A mock Passover sacrifice in Jerusalem's Old City, April 2019.Credit: Emil Salman
Nir Hasson
Nir Hasson

Two journalists were detained for five and a half hours overnight Wednesday and their equipment was temporarily confiscated after they documented Temple Mount activists trying to smuggle goat kids into Jerusalem's Old City.

Haaretz's Hagar Shezaf and the Walla website's Yotam Ronen are making an independent film on Temple Mount activists and were accompanying two of them trying to smuggle the goats in the trunk of their car.

Each year, activists try to reach the Temple Mount to conduct the Passover sacrifice. In most cases, they are arrested by the police awaiting them.

>> The Temple Mount, through the lens of time

The vehicle carrying the journalists and activists was stopped at the Old City's Jaffa Gate. Although Shezaf and Ronen presented government-issued journalist IDs, they were taken to a police station. Their cameras were confiscated, including the memory cards, before being returned. The two activists were arrested.

A police officer "even took Yotam's memory cards that were on his key chain and have nothing to do with what we filmed, and asked if he was hiding more cards," Shezaf said. The two were held separately all night and were released at 6:30 A.M. without being questioned.

The police said in response: "As part of the Israel Police's increased operational activity and assessments in Jerusalem ahead of the holiday, four suspects were detained with goat kids and were suspected of heading to the Temple Mount to carry out a provocation and disturb the public order."

The police said the two Temple Mount activists were questioned on suspicion of animal abuse and breach of the peace. The two journalists were released but will be called in for questioning.

Haaretz Editor-in-Chief Aluf Benn sent a letter Thursday to acting police chief Motti Cohen saying that the confiscation of the reporters' equipment "gravely damages their journalistic privilege."

"The police know well the rules of conduct with journalists holding press cards issued by the Government Press Office, and are required to adhere to them," Benn wrote. "You are hereby requested to immediately return the equipment in your possession, and until then ensure that it is not used in any way."
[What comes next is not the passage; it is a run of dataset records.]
Lemma qr_factor_unit m k (M Q S : mat R) : \rank (mx k m M) = k ->
  mx m k (trm M) = mx m k Q *m (mx k k S)^T -> mx k k S \in unitmx.
Proof.
move=> hr hqr; rewrite -row_free_unit /row_free eqn_leq rank_leq_row /=.
rewrite -{1}hr -mxrank_tr.
have -> : (mx k m M)^T = mx m k (trm M) by apply/matrixP => i j; rewrite !mxE.
by rewrite hqr (leq_trans (mxrankM_maxr _ _)) // mxrank_tr.
Qed.

Definition mode_comb r i ri (v : 'rV[R]_ri) (X : tens R) (L : seq nat) : 'rV[R]_r :=
  \row_(k < r) \sum_(a < ri) v 0 a * X ((k : nat) :: ins_at i a L).

Lemma mode_comb_mprod0 r i ri (v : 'rV[R]_ri) (X : tens R) (S : mat R) L :
  mode_comb r i v (mprod 0 r (trm S) X) L = mode_comb r i v X L *m mx r r S.
Proof.
apply/rowP => k; rewrite !mxE.
under [RHS]eq_bigr => k' _ do rewrite !mxE big_distrl /=.
rewrite exchange_big /=; apply: eq_bigr => a _; rewrite /mprod big_distrr /=.
by apply: eq_bigr => k' _ /=; rewrite /trm; ring.
Qed.

Lemma rank_matz_mprod0 r ds i (C : tens R) (S : mat R) :
  mx r r S \in unitmx ->
  \rank (mx (nth 0%N ds i) (prodn (rem_at i.+1 (r :: ds))) (matz (r :: ds) i.+1 C))
    = nth 0%N ds i ->
  \rank (mx (nth 0%N ds i) (prodn (rem_at i.+1 (r :: ds)))
           (matz (r :: ds) i.+1 (mprod 0 r (trm S) C))) = nth 0%N ds i.
Proof.
move=> hS /eqP fA; apply/eqP; apply: (row_free_of_annihilators fA) => v hv.
set D := rem_at i ds; set p := prodn D.
have comb0 L : L \in mindices D -> mode_comb r i v C L = 0.
  move=> hL; have uS : row_free (mx r r S) by rewrite row_free_unit.
  apply: (row_free_inj uS); rewrite mul0mx -mode_comb_mprod0; apply/rowP => k.
  have hkL : (k : nat) :: L \in mindices (r :: D) by rewrite mem_mindices_cons ltn_ord.
  have [ekL ltkL] := unflat_flat hkL.
  have := congr1 (fun M : 'M[R]_(1, prodn (r :: D)) => M 0 (Ordinal ltkL)) hv.
  rewrite !mxE => e; rewrite -[RHS]e; apply: eq_bigr => a _; rewrite !mxE /matz.
  by change (rem_at i.+1 (r :: ds)) with (r :: D); rewrite ekL.
apply/rowP => b; have hb : (b < r * p)%N := ltn_ord b.
have p_gt0 : (0 < p)%N by rewrite lt0n; apply: contraTneq hb => ->; rewrite muln0.
have hk : (b %/ p < r)%N by rewrite ltn_divLR.
have /rowP /(_ (Ordinal hk)) := comb0 _ (unflat_mindices (ltn_pmod b p_gt0)).
by rewrite !mxE => e; rewrite -[RHS]e; apply: eq_bigr => a _; rewrite !mxE.
Qed.

End FullRank.

Section Augmentation.
Variable R : realType.
Variable n : nat -> nat.
Local Notation ttn := (ttn R).
Local Notation dflt := (dflt R).
Local Notation basis := (@Defs.basis R n).
Local Notation nT := (@Defs.nT R n).
Local Notation expand := (@Defs.expand R n).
If the police seek to use any journalistic material – filmed, recorded or written down – "they must provide a court order to seize it and examine it," Benn wrote.

The Union of Journalists in Israel said it "emphatically condemned" the detentions and confiscations. "There is no place in a democratic country for the detention or arrest of journalists doing their work in the name of the public," the union said, adding that the confiscation seriously breached freedom of the press.

In its own statement, the Israel Press Council called the police's move "a severe violation of the freedom of the press. Confiscating a memory card ... as 'evidence' is a direct, intentional violation of journalistic confidentiality."

According to a police spokeswoman, the memory cards would be returned to Shezaf and Ronen "without the police trying to examine their contents."

Raphael Morris, the chairman of the Return to the Mount movement, said of the incident: "The Israel Police are continuing their usual policy of weakness when they devote themselves to eradicating the Jewish demand to offer the Passover sacrifice while they let Muslims continue to demand the murder of Jews at the Temple Mount and open the Gate of Mercy just to avoid drawing their wrath."